Lemma Dmat_nonzero rho w : rho <> 0 -> w <> (0, 0) -> Dmat rho w <> (0, 0).
Proof.
  intros Hr Hw E. apply Hw. rewrite <- (Dinv_Dmat rho w), E by auto.
  unfold Dinv; simpl; f_equal; field; auto.
Qed.

Lemma Dinv_nonzero rho v : rho <> 0 -> v <> (0, 0) -> Dinv rho v <> (0, 0).
Proof.
  intros Hr Hv E. apply Hv. destruct v as [v1 v2]. unfold Dinv in E; simpl in E.
  injection E; intros E2 E1. f_equal; auto.
  replace v2 with (v2 / rho * rho) by (field; auto). rewrite E2. ring.
Qed.

Lemma Tmat_nonzero a w : w <> (0, 0) -> Tmat a w <> (0, 0).
Proof.
  intros Hw E. apply Hw, vnorm_eq0. rewrite <- (Tmat_vnorm a), E.
  unfold vnorm, dot; simpl. rewrite Rmult_0_l, Rplus_0_l. apply sqrt_0.
Qed.

Lemma Phi_conj rho phi k v : rho <> 0 ->
  Phi rho phi k v = Dmat rho (Tmat (INR k * phi) (Dinv rho v)).
Proof.
  intros Hr. induction k.
  - simpl. rewrite Rmult_0_l. unfold Dmat, Tmat, Dinv. rewrite cos_0, sin_0.
    destruct v; simpl; f_equal; field; auto.
  - simpl Phi. rewrite IHk, S_INR.
    replace ((INR k + 1) * phi) with (INR k * phi + phi) by ring.
    unfold Amat, Dmat, Tmat, Dinv. rewrite cos_plus, sin_plus.
    destruct v; simpl; f_equal; field; auto.
Qed.

Lemma Phi_add rho phi k n v : Phi rho phi (k + n) v = Phi rho phi k (Phi rho phi n v).
Proof. induction k; simpl; [reflexivity|]. rewrite IHk. reflexivity. Qed.

Lemma Phi_nonzero rho phi k v : rho <> 0 -> v <> (0, 0) -> Phi rho phi k v <> (0, 0).
Proof.
  intros Hr Hv. rewrite Phi_conj by auto.
  apply Dmat_nonzero, Tmat_nonzero, Dinv_nonzero; auto.
Qed.

Definition angle_sum (rho phi : R) (v : vec) (n : nat) : R :=
  ssum (fun k => angle (Phi rho phi k v) (Phi rho phi (S k) v)) n.

Definition block_sum (rho phi : R) (w : vec) (n : nat) : R :=
  ssum (fun k => conj_angle rho (INR k * phi) (INR (S k) * phi) w) n.

Lemma angle_sum_block_sum rho phi v n : rho <> 0 ->
  angle_sum rho phi v n = block_sum rho phi (Dinv rho v) n.
Proof.
  intros Hr. apply ssum_ext. intros k _. rewrite !Phi_conj by auto. reflexivity.
Qed.

Lemma block_sum_scale rho phi l w n : 0 < l -> block_sum rho phi (scale l w) n = block_sum rho phi w n.
Proof. intros Hl. apply ssum_ext. intros k _. apply conj_angle_scale; auto. Qed.

Lemma avg_angle_angle_sum rho phi v m :
  avg_angle rho phi v m = angle_sum rho phi v (S m) / INR (S m).
Proof. unfold avg_angle, angle_sum. rewrite sum_f_R0_ssum. reflexivity. Qed.

Lemma angle_sum_add rho phi v N n :
  angle_sum rho phi v (N + n) = angle_sum rho phi v n + angle_sum rho phi (Phi rho phi n v) N.
Proof.
  unfold angle_sum. induction N; cbn [ssum Nat.add]; [ring|].
  rewrite IHN, <- !Phi_add. replace (S (N + n)) with (S N + n)%nat by lia. ring.
Qed.
(* complex numbers as pairs of reals *)
Definition csub (z w : R * R) : R * R := (z.1 - w.1, z.2 - w.2).
Definition cmul (z w : R * R) : R * R :=
  (z.1 * w.1 - z.2 * w.2, z.1 * w.2 + z.2 * w.1).
Definition cinv (z : R * R) : R * R :=
  (z.1 / (z.1 ^+ 2 + z.2 ^+ 2), - z.2 / (z.1 ^+ 2 + z.2 ^+ 2)).

(* an identification of the 2-plane o + span(e1,e2) with C *)
Definition orthonormal2 (e1 e2 : pt) : Prop :=
  [/\ dot e1 e1 = 1, dot e2 e2 = 1 & dot e1 e2 = 0].
Definition in_plane (o e1 e2 x : pt) : Prop :=
  x - o = dot (x - o) e1 *: e1 + dot (x - o) e2 *: e2.
Definition coordC (o e1 e2 x : pt) : R * R := (dot (x - o) e1, dot (x - o) e2).

Definition qC (a b c d : R * R) : R * R :=
  cmul (cmul (cmul (csub a b) (cinv (csub b c))) (csub c d)) (cinv (csub d a)).
Definition q_in (o e1 e2 a b c d : pt) : R * R :=
  qC (coordC o e1 e2 a) (coordC o e1 e2 b) (coordC o e1 e2 c) (coordC o e1 e2 d).
End Defs.

Definition lat (m : nat) := 'I_m -> int.
Definition shift m (u : lat m) (i : 'I_m) : lat m :=
  fun k => u k + (((k == i) : nat)%:Z).

Section Nets.
Variables (R : rcfType) (N m : nat).
Notation pt := 'rV[R]_N.

Definition Qnet (f : lat m -> pt) : Prop :=
  forall u (i j : 'I_m), i != j ->
    nondeg_quad (f u) (f (shift u i)) (f (shift (shift u i) j)) (f (shift u j)).

Definition Koenigs (f : lat m -> pt) : Prop :=
  Qnet f /\ exists fs : lat m -> pt, Qnet fs /\
    forall u (i j : 'I_m), i != j ->
      dual_quads (f u) (f (shift u i)) (f (shift (shift u i) j)) (f (shift u j))
                 (fs u) (fs (shift u i)) (fs (shift (shift u i) j)) (fs (shift u j)).

Definition circular_net (f : lat m -> pt) : Prop :=
  Qnet f /\ forall u (i j : 'I_m), i != j ->
    concircular (f u) (f (shift u i)) (f (shift (shift u i) j)) (f (shift u j)).

Definition isothermic (f : lat m -> pt) : Prop := circular_net f /\ Koenigs f.

Definition alpha (f : lat m -> pt) (s : lat m -> R) (i : 'I_m) (u : lat m) : R :=
  norm2 (f (shift u i) - f u) / (s u * s (shift u i)).
End Nets.

(* Write A B C D for the quadrilateral and M for the meeting point of its
   diagonals.  Then C - M = k (A - M) and D - M = mu (B - M) for scalars k, mu.
   The hypothesis on s along the diagonal BD says mu = s_j / s_i, and since the
   vertices are concircular the intersecting chords theorem (power of the
   point M) gives k |A - M|^2 = mu |B - M|^2.  Identifying the plane of the
   quadrilateral with C and placing the origin at M, a short computation with
   complex numbers shows that q(a, b, k a, mu b) = mu |b - a|^2 / |mu b - a|^2
   whenever k |a|^2 = mu |b|^2, which is alpha_i / alpha_j. *)
From mathcomp Require Import all_boot all_order all_algebra ring.
Set Implicit Arguments. Unset Strict Implicit. Unset Printing Implicit Defensive.
Import Order.TTheory GRing.Theory Num.Theory.
Local Open Scope ring_scope.

Lemma sub_shift (V : zmodType) (x y o : V) : (x - o) - (y - o) = x - y.
Proof. by rewrite opprB addrA subrK. Qed.

Section Complex.
Variable R : rcfType.
Implicit Types (a b c d z : R * R) (k l : R).

Definition cnorm2 z : R := z.1 ^+ 2 + z.2 ^+ 2.
Definition cscale k z : R * R := (k * z.1, k * z.2).

Lemma csub_translate a b z : csub (csub a z) (csub b z) = csub a b.
Proof. by rewrite /csub /=; congr pair; ring. Qed.

Lemma qC_translate a b c d z :
  qC (csub a z) (csub b z) (csub c z) (csub d z) = qC a b c d.
Proof. by rewrite /qC !csub_translate. Qed.

(* The cross-ratio of a, b, c = k a, d = mu b where k = l |b|^2 and
   mu = l |a|^2, i.e. k |a|^2 = mu |b|^2 (the intersecting chords relation
   for chords through 0): it is real and equal to mu |b - a|^2 / |d - a|^2. *)
Lemma qC_chords a b c d l :
  c = cscale (l * cnorm2 b) a -> d = cscale (l * cnorm2 a) b ->
  cnorm2 (csub b c) != 0 -> cnorm2 (csub d a) != 0 ->
  qC a b c d = (l * cnorm2 a * cnorm2 (csub b a) / cnorm2 (csub d a), 0).
Proof.
move=> -> ->; case: a b => [a1 a2] [b1 b2].
rewrite /qC /cmul /csub /cinv /cscale /cnorm2 /= => hbc hda.
by congr pair; field; rewrite hbc hda.
Qed.
End Complex.

Section Euclidean.
Variables (R : rcfType) (N : nat).
Implicit Types (x y z : 'rV[R]_N) (a b : R).

Lemma dotC x y : dot x y = dot y x.
Proof. by apply: eq_bigr => i _; rewrite mulrC. Qed.

Lemma dotDl x y z : dot (x + y) z = dot x z + dot y z.
Proof. by rewrite /dot -big_split; apply: eq_bigr => i _; rewrite mxE mulrDl. Qed.

Lemma dotZl a x z : dot (a *: x) z = a * dot x z.
Proof. by rewrite /dot mulr_sumr; apply: eq_bigr => i _; rewrite mxE mulrA. Qed.

Lemma dotBl x y z : dot (x - y) z = dot x z - dot y z.
Proof. by rewrite -scaleN1r dotDl dotZl mulN1r. Qed.

Lemma dotZr a x z : dot z (a *: x) = a * dot z x.
Proof. by rewrite dotC dotZl dotC. Qed.

Lemma dotBr x y z : dot z (x - y) = dot z x - dot z y.
Proof. by rewrite dotC dotBl !(dotC z). Qed.

Lemma norm2_ge0 x : 0 <= norm2 x.
Proof. by apply: sumr_ge0 => i _; rewrite -expr2 sqr_ge0. Qed.

Lemma norm2_eq0 x : (norm2 x == 0) = (x == 0).
Proof.
apply/eqP/eqP => [hx | ->]; last by rewrite /norm2 /dot big1 // => i _; rewrite mxE mul0r.
have sq_ge0 i : true -> 0 <= x 0 i * x 0 i by rewrite -expr2 sqr_ge0.
apply/rowP => i; apply/eqP; rewrite mxE -[_ == 0]orbb -mulf_eq0.
by rewrite (psumr_eq0P sq_ge0 hx).
Qed.

Lemma norm2Z a x : norm2 (a *: x) = a ^+ 2 * norm2 x.
Proof. by rewrite /norm2 dotZl dotZr mulrA. Qed.

Lemma norm2B x y : norm2 (x - y) = norm2 x - 2 * dot x y + norm2 y.
Proof. by rewrite /norm2 dotBl !dotBr (dotC y x); ring. Qed.

Definition unit_vec x := (Num.sqrt (norm2 x))^-1 *: x.

Lemma norm2_unit_vec x : x != 0 -> norm2 (unit_vec x) = 1.
Proof.
rewrite -norm2_eq0 => hx.
by rewrite norm2Z exprVn sqr_sqrtr ?norm2_ge0 // mulVf.
Qed.

Lemma dot_unit_vec_neq0 x : x != 0 -> dot x (unit_vec x) != 0.
Proof.
rewrite -norm2_eq0 => hx; rewrite dotZr mulf_neq0 // invr_eq0 sqrtr_eq0 -ltNge.
by rewrite lt_def hx norm2_ge0.
Qed.

Lemma parallel_scale a b x : parallel (a *: x) (b *: x).
Proof.
rewrite /parallel; have -> : col_mx (a *: x) (b *: x) = col_mx a%:M b%:M *m x.
  by rewrite mul_col_mx !mul_scalar_mx.
by apply: leq_trans (mxrankM_maxr _ _) (rank_leq_row _).
Qed.
End Euclidean.

Section Chords.
Variables (R : rcfType) (N : nat).
Implicit Types (A B C D M x c : 'rV[R]_N) (k mu r t : R).

Lemma chord_power x c k : k != 1 -> norm2 (k *: x - c) = norm2 (x - c) ->
  k * norm2 x = norm2 c - norm2 (x - c).
Proof.
rewrite -subr_eq0 !norm2B norm2Z dotZl => hk1 hk.
have : (k - 1) * ((k + 1) * norm2 x - 2 * dot x c) = 0.
  by rewrite -(subrr (norm2 x - 2 * dot x c + norm2 c)) -{1}hk; ring.
move/eqP; rewrite mulf_eq0 (negbTE hk1) /= => /eqP hx.
have -> : k * norm2 x = (k + 1) * norm2 x - 2 * dot x c + (2 * dot x c - norm2 x) by ring.
by rewrite hx; ring.
Qed.

Lemma line_ratio A C M t : M = A + t *: (C - A) -> M != A ->
  exists k, C - M = k *: (A - M).
Proof.
move=> defM hMA; exists ((t - 1) / t); have ht : t != 0.
  by apply: contraNneq hMA => t0; rewrite defM t0 scale0r addr0.
have -> : A - M = (- t) *: (C - A) by rewrite defM opprD addNKr scaleNr.
rewrite scalerA (_ : _ / t * _ = 1 - t); last by field.
by rewrite defM scalerBl scale1r opprD addrA.
Qed.

(* Intersecting chords theorem: the chords AC and BD of a circle through M
   satisfy MA.MC = MB.MD, in the signed form k |MA|^2 = mu |MB|^2. *)
Lemma intersecting_chords A B C D M k mu : concircular A B C D ->
  C - M = k *: (A - M) -> D - M = mu *: (B - M) -> C != A -> D != B ->
  k * norm2 (A - M) = mu * norm2 (B - M).
Proof.
move=> [c [_ [hB hC hD]]] defC defD hCA hDB.
have ratio_neq1 X Y r : X - M = r *: (Y - M) -> X != Y -> r != 1.
  by move=> defX; apply: contraNneq => r1; rewrite -(subrK M X) defX r1 scale1r subrK.
have shift X : X - c = (X - M) - (c - M) by rewrite sub_shift.
move: hB hC hD; rewrite !shift defC defD => hB hC hD; rewrite -hB in hD.
rewrite (chord_power (ratio_neq1 _ _ _ defC hCA) hC).
by rewrite (chord_power (ratio_neq1 _ _ _ defD hDB) hD) hB.
Qed.

(* The ratio of directed lengths along the diagonal BD determines the scalar
   relating D - M to B - M; it suffices to measure along one unit vector. *)
Lemma diagonal_ratio B D M mu r : D - M = mu *: (B - M) -> B != M ->
  (forall e, norm2 e = 1 -> parallel e (D - B) -> dlen e M D / dlen e M B = r) ->
  mu = r.
Proof.
rewrite -subr_eq0 => defD hBM hr.
have defDB : D - B = (mu - 1) *: (B - M).
  by rewrite scalerBl scale1r -defD opprB addrA subrK.
have := hr _ (norm2_unit_vec hBM); rewrite defDB => /(_ (parallel_scale _ _ _)).
by rewrite /dlen defD dotZl mulfK // dot_unit_vec_neq0.
Qed.
End Chords.

Section PlaneCoordinates.
Variables (R : rcfType) (N : nat) (e1 e2 : 'rV[R]_N).
Implicit Types (o A B C D M X Y x y : 'rV[R]_N) (a t : R).

Definition in_span x : Prop := x = dot x e1 *: e1 + dot x e2 *: e2.

Definition crd x : R * R := (dot x e1, dot x e2).

Lemma in_spanD x y : in_span x -> in_span y -> in_span (x + y).
Proof. by move=> hx hy; rewrite /in_span !dotDl !scalerDl addrACA -hx -hy. Qed.

Lemma in_spanZ a x : in_span x -> in_span (a *: x).
Proof. by move=> hx; rewrite /in_span !dotZl -!scalerA -scalerDr -hx. Qed.

Lemma in_spanB x y : in_span x -> in_span y -> in_span (x - y).
Proof. by move=> hx hy; rewrite -scaleN1r; apply: in_spanD => //; apply: in_spanZ. Qed.

Lemma in_plane_sub o X Y : in_plane o e1 e2 X -> in_plane o e1 e2 Y -> in_span (X - Y).
Proof. by rewrite -(sub_shift X Y o); apply: in_spanB. Qed.

Lemma in_plane_line o A C t : in_plane o e1 e2 A -> in_plane o e1 e2 C ->
  in_plane o e1 e2 (A + t *: (C - A)).
Proof.
move=> hA hC; rewrite /in_plane -/(in_span _) addrAC -(sub_shift C A o).
by apply: in_spanD => //; apply/in_spanZ/in_spanB.
Qed.

Lemma norm2_span x : in_span x -> norm2 x = cnorm2 (crd x).
Proof. by move=> hx; rewrite /norm2 {1}hx dotDl !dotZl !(dotC _ x) -!expr2. Qed.

Lemma crd_sub X Y o : csub (crd (X - o)) (crd (Y - o)) = crd (X - Y).
Proof. by rewrite /crd /csub /= -!dotBl !sub_shift. Qed.

Lemma crdZ a x : crd (a *: x) = cscale a (crd x).
Proof. by rewrite /crd /cscale !dotZl. Qed.

Lemma q_in_shift o M A B C D :
  q_in o e1 e2 A B C D = qC (crd (A - M)) (crd (B - M)) (crd (C - M)) (crd (D - M)).
Proof. by rewrite -!(crd_sub _ M o) qC_translate. Qed.
End PlaneCoordinates.

Lemma concircular_quad_q (R : rcfType) (N : nat) (A B C D o e1 e2 : 'rV[R]_N)
    (sA sB sD : R) :
  nondeg_quad A B C D -> concircular A B C D -> sA != 0 -> sB != 0 -> sD != 0 ->
  (forall M, diag_meet A B C D M -> forall e, norm2 e = 1 -> parallel e (D - B) ->
     dlen e M D / dlen e M B = sD / sB) ->
  in_plane o e1 e2 A -> in_plane o e1 e2 B -> in_plane o e1 e2 C -> in_plane o e1 e2 D ->
  q_in o e1 e2 A B C D = (norm2 (B - A) / (sA * sB) / (norm2 (D - A) / (sA * sD)), 0).
Proof.
case=> _ /and5P[_ hAC hAD hBC /andP[hBD _]] _ [M [[[t defMA] [r defMB]] hM]].
case/and4P: hM => hMA hMB _ _ hcirc hsA hsB hsD hs hA hB hC hD.
have hM : in_plane o e1 e2 M by rewrite defMA; apply: in_plane_line.
have [k defC] := line_ratio defMA hMA.
have [mu defD] := line_ratio defMB hMB.
have mu_s : mu = sD / sB.
  have hM_diag : diag_meet A B C D M by split; [exists t | exists r].
  by apply: diagonal_ratio defD _ (hs M hM_diag); rewrite eq_sym.
have chords : k * norm2 (A - M) = mu * norm2 (B - M).
  by apply: intersecting_chords hcirc defC defD _ _; rewrite eq_sym.
have [l defk defmu] : exists2 l, k = l * norm2 (B - M) & mu = l * norm2 (A - M).
  have nAM : norm2 (A - M) != 0 by rewrite norm2_eq0 subr_eq0 eq_sym.
  by exists (mu / norm2 (A - M)); rewrite ?divfK // mulrAC -chords mulfK.
have crd_norm2 X Y : in_plane o e1 e2 X -> in_plane o e1 e2 Y ->
    cnorm2 (csub (crd e1 e2 (X - M)) (crd e1 e2 (Y - M))) = norm2 (X - Y).
  by move=> hX hY; rewrite crd_sub -norm2_span //; apply: in_plane_sub hX hY.
have spanAM : in_span e1 e2 (A - M) := in_plane_sub hA hM.
have spanBM : in_span e1 e2 (B - M) := in_plane_sub hB hM.
rewrite (q_in_shift e1 e2 o M) (qC_chords (l := l)).
- congr pair; rewrite !crd_norm2 // -(norm2_span spanAM) -defmu mu_s; field.
  by rewrite hsA hsB hsD norm2_eq0 subr_eq0 eq_sym hAD.
- by rewrite defC crdZ defk (norm2_span spanBM).
- by rewrite defD crdZ defmu (norm2_span spanAM).
- by rewrite crd_norm2 // norm2_eq0 subr_eq0.
- by rewrite crd_norm2 // norm2_eq0 subr_eq0 eq_sym.
Qed.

How to complete this task
Print exactly the lines of the listing above starting at the line containing "mu = l |a|^2, i.e." and ending at the line containing "Proof. by apply: eq_bigr", both included.

Answer for this exercise
   mu = l |a|^2, i.e. k |a|^2 = mu |b|^2 (the intersecting chords relation
   for chords through 0): it is real and equal to mu |b - a|^2 / |d - a|^2. *)
Lemma qC_chords a b c d l :
  c = cscale (l * cnorm2 b) a -> d = cscale (l * cnorm2 a) b ->
  cnorm2 (csub b c) != 0 -> cnorm2 (csub d a) != 0 ->
  qC a b c d = (l * cnorm2 a * cnorm2 (csub b a) / cnorm2 (csub d a), 0).
Proof.
move=> -> ->; case: a b => [a1 a2] [b1 b2].
rewrite /qC /cmul /csub /cinv /cscale /cnorm2 /= => hbc hda.
by congr pair; field; rewrite hbc hda.
Qed.
End Complex.

Section Euclidean.
Variables (R : rcfType) (N : nat).
Implicit Types (x y z : 'rV[R]_N) (a b : R).

Lemma dotC x y : dot x y = dot y x.
Proof. by apply: eq_bigr => i _; rewrite mulrC. Qed.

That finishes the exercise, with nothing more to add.